Полковник нес дочь на руках, прижимая к груди, укрывая от всего мира. Вылитая мать, синеглазая Айзанат. Тоненькая девушка из дальнего аула, вышедшая за русского наперекор родне. Ее вычеркнули из памяти и из рода, но возразить ему - военному, начальнику - не решились. "Аллах покарал", - сказали они потом. С тех пор он ненавидел и их, и Аллаха, забравшего у него Айзанат.
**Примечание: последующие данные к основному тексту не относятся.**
Lemma push_inj : {in X &, injective (push s X)}.
Proof.
move=> x x' x_in x'_in eq_push.
have eq_blk : x %/ s = x' %/ s by rewrite -(push_divn x_in) -(push_divn x'_in) eq_push.
have eq_rank : rank s X x = rank s X x'.
  by move: eq_push; have := rank_le x; have := rank_le x'; rewrite /push -eq_blk; lia.
case: (ltngtP x x') => // lt.
- by have := rank_decr x_in eq_blk lt; rewrite eq_rank ltnn.
- by have := rank_decr x'_in (esym eq_blk) lt; rewrite eq_rank ltnn.
Qed.

Lemma ltn_push_gap y : y.+1 \notin X -> y.+1 < (y %/ s).+1 * s -> y < push s X y.
Proof.
move=> y1_notin lt_y1.
suff : rank s X y <= (y %/ s).+1 * s - y.+1 by rewrite /push; lia.
rewrite /rank -size_filter.
have -> : (y %/ s).+1 * s - y.+1 = size (y :: iota y.+2 ((y %/ s).+1 * s - y.+2)).
  by rewrite /= size_iota; lia.
apply: uniq_leq_size; first exact: filter_uniq.
move=> z; rewrite mem_filter inE mem_iota => /andP[/andP[/eqP z_blk le_yz] z_in].
have := ltn_ceil z s_gt0; rewrite z_blk => lt_z.
case: (ltngtP z y.+1) => [lt_zy | lt_yz | eq_z]; [lia | lia |].
by rewrite -eq_z z_in in y1_notin.
Qed.

Lemma rank_pred_block x : x \in X -> 0 < x %/ s ->
  rank s X x + 2 <= count (fun z => z %/ s == (x %/ s).-1) X.
Proof.
move=> x_in blk_gt0.
pose P z := (z \in X) && (z %/ s == x %/ s).
have exP : exists z, P z by exists x; rewrite /P x_in eqxx.
have ubP z : P z -> z <= (x %/ s).+1 * s.
  by case/andP=> _ /eqP <-; apply/ltnW/ltn_ceil.
case: (ex_maxnP exP ubP) => m /andP[m_in /eqP m_blk] m_max.
set S := [seq z <- X | (z %/ s == x %/ s) && (x <= z)].
have S_sub z : z \in S -> [/\ z \in X, z %/ s = x %/ s & z <= m].
  rewrite mem_filter => /andP[/andP[/eqP z_blk _] z_in]; split => //.
  by apply: m_max; rewrite /P z_in z_blk eqxx.
have gt_s2 z : z \in X -> z %/ s = x %/ s -> s.+2 < z.
  move=> z_in z_blk; have := ideal3_mem_gt z_in; rewrite z_blk.
  by apply: leq_ltn_trans; apply: leq_pmull.
have shift z a : z \in X -> z %/ s = x %/ s -> a \in [:: s; s.+1; s.+2] ->
    ((z - a) %/ s == (x %/ s).-1) && (z - a \in X).
  move=> z_in z_blk a_gen; have z_blk_gt0 : 0 < z %/ s by rewrite z_blk.
  by have [-> ->] := sub_gen_mem z_in z_blk_gt0 a_gen; rewrite z_blk eqxx.
have m_gt := gt_s2 m m_in m_blk.
have -> : rank s X x + 2 = size ([seq z - s.+2 | z <- S] ++ [:: m - s.+1; m - s]).
  by rewrite size_cat size_map size_filter.
rewrite -size_filter; apply: uniq_leq_size.
- rewrite cat_uniq map_inj_in_uniq ?filter_uniq //=; last first.
    move=> z z' /S_sub[z_in z_blk _] /S_sub[z'_in z'_blk _].
    by have := gt_s2 z z_in z_blk; have := gt_s2 z' z'_in z'_blk; lia.
  rewrite inE !andbT orbF negb_or -andbA; apply/and3P; split; last lia.
  1,2: apply/negP => /mapP[z /S_sub[z_in z_blk le_zm]]; have := gt_s2 z z_in z_blk; lia.
- move=> w; rewrite mem_cat !inE mem_filter.
  case/orP => [/mapP[z /S_sub[z_in z_blk _] ->] | /orP[] /eqP ->]; apply: shift => //.
  all: by rewrite !inE eqxx ?orbT.
Qed.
Один из бойцов подбежал к уазику.
- Ушел в сторону гор. Перекроем, найдем.
Аня подскочила.
- Не догонят, теперь не догонят, - неприкрытое торжество звучало в голосе. Полковник изумленно уставился на дочь.
- Он мог тебя убить.
- Ну папа, никто меня не убивал, у дяди Анвара и оружия не было. Правда, не было. Он не брал с собой. Если идешь к другому народу, нужно уважать его обычаи.
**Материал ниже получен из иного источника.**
(* Fix an RWA-P instance (setting as in the context) and let $M=\max_{r\in R}\big(\max_{w\in W^r}B^r_w+\max_{p\in P^r}B^r_p\big)$. If $\alpha,\beta>0$ satisfy $$\frac{\beta}{\alpha}>|R|\,(M-2)+2,$$ then for every pair of feasible solutions $(\hat x,\hat y)$, $(\tilde x,\tilde y)$ with $f_\beta(\hat x)>f_\beta(\tilde x)$ we have $f(\hat x,\hat y)<f(\tilde x,\tilde y)$.
   Context: An RWA-P instance consists of: a directed graph $G=(V,E)$ (parallel arcs allowed), whose arcs are called links; a finite set $\Lambda$ of wavelengths; a finite set $R$ of requests, each request $r$ having a source node $s^r$ and a distinct destination node $t^r$; and for each $r\in R$ nonempty finite sets $W^r$ (working lightpaths) and $P^r$ (protection lightpaths). Each lightpath $\ell$ of request $r$ is a directed path in $G$ from $s^r$ to $t^r$ together with a wavelength $\Lambda[\ell]\in\Lambda$; $E[\ell]$ denotes its set of links and its length is $B^r_\ell=|E[\ell]|\ge1$. Conflict sets: $\mathcal C_1=\{(r,w,p): w\in W^r,p\in P^r, E[w]\cap E[p]\ne\emptyset\}$; $\mathcal C_2=\{(r_1,r_2,w,p): r_1\ne r_2, w\in W^{r_1}, p\in P^{r_2}, \Lambda[w]=\Lambda[p], E[w]\cap E[p]\neq\emptyset\}$; $\mathcal C_3=\{(r_1,r_2,w_1,w_2): w_1\in W^{r_1}, w_2\in W^{r_2}, (r_1,w_1)\ne(r_2,w_2), \Lambda[w_1]=\Lambda[w_2], E[w_1]\cap E[w_2]\ne\emptyset\}$; $\mathcal C_4$ analogously for pairs of distinct protection lightpaths. A solution is a pair of binary vectors $x=(x^r_w)$, $y=(y^r_p)$; it is feasible if $\sum_{w\in W^r}x^r_w=\sum_{p\in P^r}y^r_p$ and $\sum_{w\in W^r}x^r_w\le1$ for all $r$, and $x^r_w+y^r_p\le1$ for $(r,w,p)\in\mathcal C_1$, $x^{r_1}_w+y^{r_2}_p\le1$ on $\mathcal C_2$, $x^{r_1}_{w_1}+x^{r_2}_{w_2}\le1$ on $\mathcal C_3$, $y^{r_1}_{p_1}+y^{r_2}_{p_2}\le1$ on $\mathcal C_4$. Define $f_\alpha(x,y)=\sum_{r}\big(\sum_{w}B^r_wx^r_w+\sum_{p}B^r_py^r_p\big)$ (link usage), $f_\beta(x)=\sum_r\sum_w x^r_w$ (granted requests), and $f(x,y)=\alpha f_\alpha(x,y)-\beta f_\beta(x)$. *)

From HB Require Import structures.
From mathcomp Require Import all_boot all_order all_algebra.
Set Implicit Arguments. Unset Strict Implicit. Unset Printing Implicit Defensive.
Import Order.TTheory GRing.Theory Num.Theory.

Section RWAP.
(* Network: nodes V, links (arcs, parallel arcs allowed) Lk with tail/head. *)
Variables (V Lk : finType) (tl hd : Lk -> V).

Definition is_dipath (s t : V) (a : seq Lk) : bool :=
  match a with
  | [::] => false
  | e0 :: rest =>
      [&& tl e0 == s, hd (last e0 rest) == t,
          path (fun e f => hd e == tl f) e0 rest
        & uniq (tl e0 :: map hd a)]
  end.

(* Wavelengths Lam, requests Req, lightpath identifiers Idx.
   W r / P r : working / protection lightpaths of request r;
   arcs r l / wl r l : link sequence and wavelength of lightpath l of r. *)
Variables (Lam Req Idx : finType) (src dst : Req -> V)
  (W P : Req -> {set Idx}) (arcs : Req -> Idx -> seq Lk) (wl : Req -> Idx -> Lam).

Definition valid_instance : Prop :=
  [/\ forall r, src r != dst r,
      forall r, W r != set0,
      forall r, P r != set0
    & forall r l, l \in W r :|: P r -> is_dipath (src r) (dst r) (arcs r l)].

Definition Elp (r : Req) (l : Idx) : {set Lk} := [set e in arcs r l].
Definition B (r : Req) (l : Idx) : nat := #|Elp r l|.

Definition inter (r1 : Req) (l1 : Idx) (r2 : Req) (l2 : Idx) : bool :=
  Elp r1 l1 :&: Elp r2 l2 != set0.

(* Solutions: binary vectors x^r_w (w in W r), y^r_p (p in P r). *)
Definition conflicts_ok (x y : Req -> Idx -> bool) : Prop :=
  [/\ 
      (forall r w p, w \in W r -> p \in P r -> inter r w r p ->
         x r w + y r p <= 1),
      (forall r1 r2 w p, r1 != r2 -> w \in W r1 -> p \in P r2 ->
         wl r1 w = wl r2 p -> inter r1 w r2 p -> x r1 w + y r2 p <= 1),
      (forall r1 r2 w1 w2, w1 \in W r1 -> w2 \in W r2 -> (r1, w1) != (r2, w2) ->
         wl r1 w1 = wl r2 w2 -> inter r1 w1 r2 w2 -> x r1 w1 + x r2 w2 <= 1)
    &
      (forall r1 r2 p1 p2, p1 \in P r1 -> p2 \in P r2 -> (r1, p1) != (r2, p2) ->
         wl r1 p1 = wl r2 p2 -> inter r1 p1 r2 p2 -> y r1 p1 + y r2 p2 <= 1)].

Definition feasible (x y : Req -> Idx -> bool) : Prop :=
  [/\ forall r, \sum_(w in W r) (x r w : nat) = \sum_(p in P r) (y r p : nat),
      forall r, \sum_(w in W r) (x r w : nat) <= 1
    & conflicts_ok x y].

Definition f_alpha (x y : Req -> Idx -> bool) : nat :=
  \sum_r (\sum_(w in W r) B r w * x r w + \sum_(p in P r) B r p * y r p).

Definition f_beta (x : Req -> Idx -> bool) : nat :=
  \sum_r \sum_(w in W r) (x r w : nat).

Local Open Scope ring_scope.
Definition f_obj (K : numDomainType) (alpha beta : K) (x y : Req -> Idx -> bool) : K :=
  alpha * (f_alpha x y)%:R - beta * (f_beta x)%:R.

Definition Mmax : nat :=
  (\max_r (\max_(w in W r) B r w + \max_(p in P r) B r p))%N.

End RWAP.

From HB Require Import structures.
From mathcomp Require Import all_boot all_order all_algebra.
From mathcomp Require Import lra zify.
Import Order.TTheory GRing.Theory Num.Theory.

Set Implicit Arguments.
Unset Strict Implicit.
Unset Printing Implicit Defensive.

(** Write [a] and [b] for the numbers of requests granted by the two
    solutions, so [b < a <= |R|].  Every granted request uses one working and
    one protection lightpath, each of length between [1] and its maximum, so
    the link usage of the first solution is at most [M a] and that of the
    second at least [2 b].  Since [a <= |R| <= |R| (a - b)], the usage gap is
    at most [M a - 2 b <= (|R| (M - 2) + 2) (a - b) < (beta / alpha) (a - b)]:
    the gain [beta (a - b)] in granted requests outweighs the extra link
    cost. *)

Section LinkUsageBounds.
Variables (V Lk Lam Req Idx : finType) (tl hd : Lk -> V) (src dst : Req -> V)
  (W P : Req -> {set Idx}) (arcs : Req -> Idx -> seq Lk) (wl : Req -> Idx -> Lam).

Lemma dipath_neq_nil s t a : is_dipath tl hd s t a -> a != [::].
Proof. by case: a. Qed.

Lemma lightpath_length_gt0 r l :
  valid_instance tl hd src dst W P arcs -> l \in W r :|: P r -> 0 < B arcs r l.
Proof.
case=> _ _ _ dipath /dipath /dipath_neq_nil; rewrite /B /Elp.
by case: (arcs r l) => [|e s] // _; apply/card_gt0P; exists e; rewrite inE mem_head.
Qed.

Lemma f_beta_le_card x y : feasible W P arcs wl x y -> f_beta W x <= #|Req|.
Proof.
case=> _ at_most_one _; rewrite -[#|Req|]muln1 -sum_nat_const.
exact: leq_sum (fun r _ => at_most_one r).
Qed.

Lemma f_alpha_le_Mmax x y :
  feasible W P arcs wl x y -> f_alpha W P arcs x y <= Mmax W P arcs * f_beta W x.
Proof.
case=> balanced _ _; rewrite /f_alpha /f_beta big_distrr /=.
apply: leq_sum => r _.
have mWP_le : \max_(w in W r) B arcs r w + \max_(p in P r) B arcs r p <= Mmax W P arcs.
  by rewrite /Mmax (bigD1 r) //= leq_maxl.
apply: leq_trans (leq_mul mWP_le (leqnn _)).
rewrite mulnDl {2}balanced !big_distrr /=.
by apply: leq_add; apply: leq_sum => l l_in; rewrite leq_mul // (bigD1 l) //= leq_maxl.
Qed.

Lemma f_alpha_ge_double x y :
  valid_instance tl hd src dst W P arcs -> feasible W P arcs wl x y ->
  2 * f_beta W x <= f_alpha W P arcs x y.
Proof.
move=> valid [balanced _ _]; rewrite /f_alpha /f_beta big_distrr /=.
apply: leq_sum => r _; rewrite mul2n -addnn {2}balanced.
by apply: leq_add; apply: leq_sum => l l_in;
  rewrite leq_pmull // (lightpath_length_gt0 valid) // inE l_in ?orbT.
Qed.

Lemma Mmax_ge2 x y :
  valid_instance tl hd src dst W P arcs -> feasible W P arcs wl x y ->
  0 < f_beta W x -> 2 <= Mmax W P arcs.
Proof.
move=> valid feas granted.
rewrite -(leq_pmul2r granted).
exact: leq_trans (f_alpha_ge_double valid feas) (f_alpha_le_Mmax feas).
Qed.

End LinkUsageBounds.

Lemma usage_gap_bound n M a b : a <= n -> b < a -> 2 <= M ->
  M * a + (n * (M - 2) + 2) * b <= (n * (M - 2) + 2) * a + 2 * b.
Proof.
move=> a_le_n b_lt_a /subnK <-; rewrite addnK.
have : (M - 2) * a <= (M - 2) * n by rewrite leq_mul2l a_le_n orbT.
have : n * (M - 2) * b.+1 <= n * (M - 2) * a by rewrite leq_mul2l b_lt_a orbT.
nia.
Qed.

Local Open Scope ring_scope.

Lemma weighted_objective_lt (K : realFieldType) (alpha beta gamma A A' a b : K) :
  0 < alpha -> b < a -> gamma < beta / alpha -> A - A' <= gamma * (a - b) ->
  alpha * A - beta * a < alpha * A' - beta * b.
Proof.
move=> alpha_gt0 b_lt_a gamma_lt gap.
have : gamma * (a - b) < beta / alpha * (a - b) by rewrite ltr_pM2r ?subr_gt0.
rewrite -(ltr_pM2l alpha_gt0).
have -> : alpha * (beta / alpha * (a - b)) = beta * (a - b).
  by rewrite mulrA mulrCA mulfV ?gt_eqF // mulr1.
have : alpha * (A - A') <= alpha * (gamma * (a - b)) by rewrite ler_pM2l.
lra.
Qed.

Theorem proposition2
  (V Lk : finType) (tl hd : Lk -> V)
  (Lam Req Idx : finType) (src dst : Req -> V)
  (W P : Req -> {set Idx}) (arcs : Req -> Idx -> seq Lk) (wl : Req -> Idx -> Lam)
  (K : realFieldType) (alpha beta : K) :
  valid_instance tl hd src dst W P arcs ->
  0 < alpha -> 0 < beta ->
  beta / alpha > #|Req|%:R * ((Mmax W P arcs)%:R - 2) + 2 ->
  forall xh yh xt yt : Req -> Idx -> bool,
    feasible W P arcs wl xh yh -> feasible W P arcs wl xt yt ->
    (f_beta W xh > f_beta W xt)%N ->
    f_obj W P arcs alpha beta xh yh < f_obj W P arcs alpha beta xt yt.
Proof.
move=> valid alpha_gt0 _ ratio_gt xh yh xt yt feas_h feas_t more_granted.
have M_ge2 := Mmax_ge2 valid feas_h (leq_ltn_trans (leq0n _) more_granted).
have granted_lt : (f_beta W xt)%:R < (f_beta W xh)%:R :> K by rewrite ltr_nat.
apply: (weighted_objective_lt alpha_gt0 granted_lt ratio_gt).
have := usage_gap_bound (f_beta_le_card feas_h) more_granted M_ge2.
have := f_alpha_le_Mmax feas_h; have := f_alpha_ge_double valid feas_t.
rewrite -!(ler_nat K) !(natrD, natrM) natrB //.
lra.
Qed.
У Петра хватило ума отослать всех.
- Когда он пришел?
- Вчера, когда тетя Маша с пятичасовой электричкой не приехала. Я же не могла прогнать гостя! Я - старшая женщина в роду. Пап, а почему я не учу аварский? Это же язык моей матери. Там такие баллады красивые. Мне дядя Анвар переводил, но знаешь, как они звучат на аварском! Был такой богатырь, Ашамез. Когда враги окружили со всех сторон, он обрушил на себя скалы. Огромные камни завалили ущелье и погребли под собой и его, и все вражеское войско.
Девочка болтала без умолку, глаза лихорадочно блестели. Нервный стресс явно не прошел бесследно.
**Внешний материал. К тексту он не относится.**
(* Let $E$ and $F$ be Banach lattices. If each weak Dunford–Pettis operator from $E$ into $F$ is uaw-Dunford–Pettis, then the norm of $E'$ is order continuous or the norm of $F$ is order continuous.
   Context: All operators are continuous linear operators. A net $(x_\alpha)$ in a Banach lattice $E$ is uaw-convergent to $x$ (written $x_\alpha\xrightarrow{uaw}x$) if $|x_\alpha-x|\wedge u\to 0$ weakly for every $u\in E_+$. An operator $T$ from a Banach lattice $E$ into a Banach space $X$ is uaw-Dunford–Pettis if for every norm bounded sequence $(x_n)$ in $E$ with $x_n\xrightarrow{uaw}0$ one has $\|Tx_n\|\to 0$. An operator $T:X\to Y$ between Banach spaces is weak Dunford–Pettis if $f_n(Tx_n)\to 0$ for every weakly null sequence $(x_n)$ in $X$ and every weakly null sequence $(f_n)$ in $Y'$. *)

From HB Require Import structures.
From mathcomp Require Import all_boot all_order all_algebra.
From mathcomp Require Import all_classical all_reals all_analysis.
Set Implicit Arguments. Unset Strict Implicit. Unset Printing Implicit Defensive.
Import Order.TTheory GRing.Theory Num.Theory.
Import numFieldNormedType.Exports.
Local Open Scope classical_set_scope.
Local Open Scope ring_scope.

Record BLattice (R : realType) (E : completeNormedModType R) := {
  ble : E -> E -> Prop;
  bjoin : E -> E -> E;
  ble_refl : forall x, ble x x;
  ble_anti : forall x y, ble x y -> ble y x -> x = y;
  ble_trans : forall x y z, ble x y -> ble y z -> ble x z;
  ble_add : forall x y z, ble x y -> ble (x + z) (y + z);
  ble_scale : forall (a : R) x y, 0 <= a -> ble x y -> ble (a *: x) (a *: y);
  bjoin_ubl : forall x y, ble x (bjoin x y);
  bjoin_ubr : forall x y, ble y (bjoin x y);
  bjoin_lub : forall x y z, ble x z -> ble y z -> ble (bjoin x y) z;
  bnorm_mono : forall x y, ble (bjoin x (- x)) (bjoin y (- y)) -> `|x| <= `|y|
}.
Arguments BLattice R E : clear implicits.

Section BL.
Variables (R : realType) (E : completeNormedModType R) (L : BLattice R E).
Definition babs (x : E) : E := bjoin L x (- x).
Definition bmeet (x y : E) : E := - bjoin L (- x) (- y).
End BL.

Definition is_dual (R : realType) (X : normedModType R) (f : X -> R) : Prop :=
  (forall (a : R) (x y : X), f (a *: x + y) = a * f x + f y) /\ continuous f.

Definition dnorm (R : realType) (X : normedModType R) (f : X -> R) : R :=
  sup [set `|f x| | x in [set x : X | `|x| <= 1]].

Definition is_bidual (R : realType) (X : normedModType R)
    (phi : (X -> R) -> R) : Prop :=
  (forall (a : R) (f g : X -> R), is_dual f -> is_dual g ->
      phi (fun x => a * f x + g x) = a * phi f + phi g) /\
  exists C : R, forall f : X -> R, is_dual f -> `|phi f| <= C * dnorm f.

Definition weakly_null (R : realType) (X : normedModType R) (x : nat -> X) :=
  forall f : X -> R, is_dual f -> (fun n => f (x n)) @ \oo --> (0 : R).

Definition dual_weakly_null (R : realType) (X : normedModType R)
    (f : nat -> X -> R) :=
  (forall n, is_dual (f n)) /\
  forall phi : (X -> R) -> R, is_bidual phi ->
    (fun n => phi (f n)) @ \oo --> (0 : R).

Definition is_operator (R : realType) (X Y : normedModType R) (T : X -> Y) :=
  (forall (a : R) (x y : X), T (a *: x + y) = a *: T x + T y) /\ continuous T.

Definition weak_DP (R : realType) (X Y : normedModType R) (T : X -> Y) :=
  forall (x : nat -> X) (f : nat -> Y -> R),
    weakly_null x -> dual_weakly_null f ->
    (fun n => f n (T (x n))) @ \oo --> (0 : R).

Definition uaw_null (R : realType) (E : completeNormedModType R)
    (L : BLattice R E) (x : nat -> E) :=
  forall u : E, ble L 0 u -> weakly_null (fun n => bmeet L (babs L (x n)) u).

Definition uaw_DP (R : realType) (E : completeNormedModType R)
    (L : BLattice R E) (Y : normedModType R) (T : E -> Y) :=
  forall x : nat -> E, (exists M : R, forall n, `|x n| <= M) ->
    uaw_null L x -> (fun n => `|T (x n)|) @ \oo --> (0 : R).

Definition directed (I : Type) (leI : I -> I -> Prop) : Prop :=
  (exists i : I, True) /\
  (forall i, leI i i) /\
  (forall i j k, leI i j -> leI j k -> leI i k) /\
  (forall i j, exists k, leI i k /\ leI j k).

Definition order_continuous_norm (R : realType) (E : completeNormedModType R)
    (L : BLattice R E) : Prop :=
  forall (I : Type) (leI : I -> I -> Prop) (x : I -> E),
    directed leI ->
    (forall i j, leI i j -> ble L (x j) (x i)) ->
    (forall i, ble L 0 (x i)) ->
    (forall z, (forall i, ble L z (x i)) -> ble L z 0) ->
    forall eps : R, 0 < eps -> exists i0, forall i, leI i0 i -> `|x i| <= eps.

Definition dle (R : realType) (E : completeNormedModType R) (L : BLattice R E)
    (f g : E -> R) : Prop :=
  forall x, ble L 0 x -> f x <= g x.

Definition dual_order_continuous_norm (R : realType)
    (E : completeNormedModType R) (L : BLattice R E) : Prop :=
  forall (I : Type) (leI : I -> I -> Prop) (f : I -> E -> R),
    directed leI ->
    (forall i, is_dual (f i)) ->
    (forall i j, leI i j -> dle L (f j) (f i)) ->
    (forall i, dle L (fun _ => 0) (f i)) ->
    (forall h, is_dual h -> (forall i, dle L h (f i)) -> dle L h (fun _ => 0)) ->
    forall eps : R, 0 < eps -> exists i0, forall i, leI i0 i -> dnorm (f i) <= eps.

From HB Require Import structures.
From mathcomp Require Import all_boot all_order all_algebra.
From mathcomp Require Import all_classical all_reals all_analysis.
From mathcomp Require Import ring lra.
Import Order.TTheory GRing.Theory Num.Theory.
Import numFieldNormedType.Exports.
Local Open Scope classical_set_scope.
Local Open Scope ring_scope.
Set Implicit Arguments. Unset Strict Implicit.

(* If F <> 0, every rank-one operator x |-> f x *: y is weak Dunford-Pettis, so
   by hypothesis it is uaw-Dunford-Pettis: norm-bounded uaw-null sequences of E
   are weakly null.  Positive disjoint sequences (d_n) are uaw-null, since
   |d_n| /\ u is a disjoint sequence in [0, u] whose partial sums stay below u.
   Hence every bounded positive disjoint sequence of E is weakly null, and this
   forces the norm of E' to be order continuous.  Otherwise take a net f_i
   decreasing to 0 in E' with ||f_i|| > eps; by the Riesz-Kantorovich formula
   for its infimum, f_i -> 0 pointwise, so one can choose indices
   i_0 <= i_1 <= ... and positive unit vectors x_n with f_(i_n)(x_n) > eps and
   f_(i_n)(x_0 + ... + x_(n-1)) < eps / 4^(n+1).  With u = sum_k 2^-k x_k, the
   vectors y_n = (x_n - 4^n (x_0 + ... + x_(n-1)) - 2^-n u)^+ are disjoint and
   bounded, yet f_(i_0)(y_n) >= 3 eps / 4 - 2^-n f_(i_0)(u).  If F = 0 its norm
   is trivially order continuous. *)

Section BanachLatticeTheory.
Variables (R : realType) (E : completeNormedModType R) (L : BLattice R E).
Local Notation le := (ble L).
Local Notation join := (bjoin L).
Local Notation meet := (bmeet L).
Local Notation abs := (babs L).

Definition bpos (x : E) : E := join x 0.
Definition bneg (x : E) : E := join (- x) 0.

Definition pairwise_disjoint (d : nat -> E) : Prop :=
  forall n m, n != m -> meet (d n) (d m) = 0.

Lemma bleDl x y z : le x y -> le (z + x) (z + y).
Proof. by rewrite ![z + _]addrC; apply: ble_add. Qed.

Lemma bleD x y z w : le x y -> le z w -> le (x + z) (y + w).
Proof. by move=> /(ble_add z) xy /(bleDl y); apply: ble_trans. Qed.

Lemma ble0D x y : le 0 x -> le 0 y -> le 0 (x + y).
Proof. by move=> x0 /(bleD x0); rewrite addr0. Qed.

Lemma ble0_sum (I : Type) (r : seq I) (P : pred I) (F : I -> E) :
  (forall i, P i -> le 0 (F i)) -> le 0 (\sum_(i <- r | P i) F i).
Proof. by move=> F_ge0; apply: big_ind => //; [apply: ble_refl|apply: ble0D]. Qed.

Lemma ble0Z a x : 0 <= a -> le 0 x -> le 0 (a *: x).
Proof. by move=> a0 /(ble_scale a0); rewrite scaler0. Qed.

Lemma ble_subr_ge0 x y : le 0 (y - x) <-> le x y.
Proof.
split=> [/(ble_add x)|/(ble_add (- x))]; first by rewrite add0r subrK.
by rewrite subrr.
Qed.

Lemma bleN2 x y : le (- x) (- y) <-> le y x.
Proof.
suff N2 u v : le u v -> le (- v) (- u) by split=> /N2; rewrite ?opprK.
by move=> /(ble_add (- u - v)); rewrite addrA subrr add0r addrCA subrr addr0.
Qed.

Lemma ble_subr_pos a x y : le 0 a -> le x y -> le (x - a) y.
Proof.
move=> a0; apply: ble_trans; rewrite -[X in le _ X]addr0; apply: bleDl.
by rewrite -oppr0 bleN2.
Qed.

Lemma ble_subr_addr x y z : le x (y - z) <-> le (x + z) y.
Proof.
by split=> [/(ble_add z)|/(ble_add (- z))]; rewrite ?subrK ?addrK.
Qed.

Lemma bjoinC x y : join x y = join y x.
Proof.
by apply: ble_anti; apply: bjoin_lub; first [exact: bjoin_ubl|exact: bjoin_ubr].
Qed.

Lemma bjoin_l x y : le y x -> join x y = x.
Proof.
by move=> yx; apply: ble_anti; [apply: bjoin_lub => //; apply: ble_refl|apply: bjoin_ubl].
Qed.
- Анечка, солнышко, с тобой ничего не случилось? Ты не боялась ночью?- с тревогой вглядывался Николаев. Дочка незнакомым упрямым движением вскинула голову.
- Ну что ты, папа, там же был дядя Анвар.
Аня, в косынке и цветастом переднике, старательно резала картошку на суп. Тетя Маша умилительно качала головой. И это девочка, которая на кухне и чашку за собой не мыла.
- Молодец, хозяюшкой растешь.
- А еще я хинкал готовить умею. Давай сделаем, знаешь, как у дяди Анвара было вкусно!
- Э-э, а это, разве мужчины готовят?
- Настоящий мужчина должен уметь все. Он же не будет в походе бегать и просить, чтобы ему рубашку зашили и лепешку спекли.
Петр уже слышать не мог о дяде Анваре. Но данное дочери слово сдержал. Лично провел расследование, полностью, от начала до конца. С треском вылетел начальник местной милиции, покрывавший своих. Подан в розыск Файзулла Алиев. На Анвара пришлось снять ориентировку.
- Пап, а можно с тобой в тир? Я тоже хочу попробовать. Ведь я же дочь милиционера, я должна уметь все.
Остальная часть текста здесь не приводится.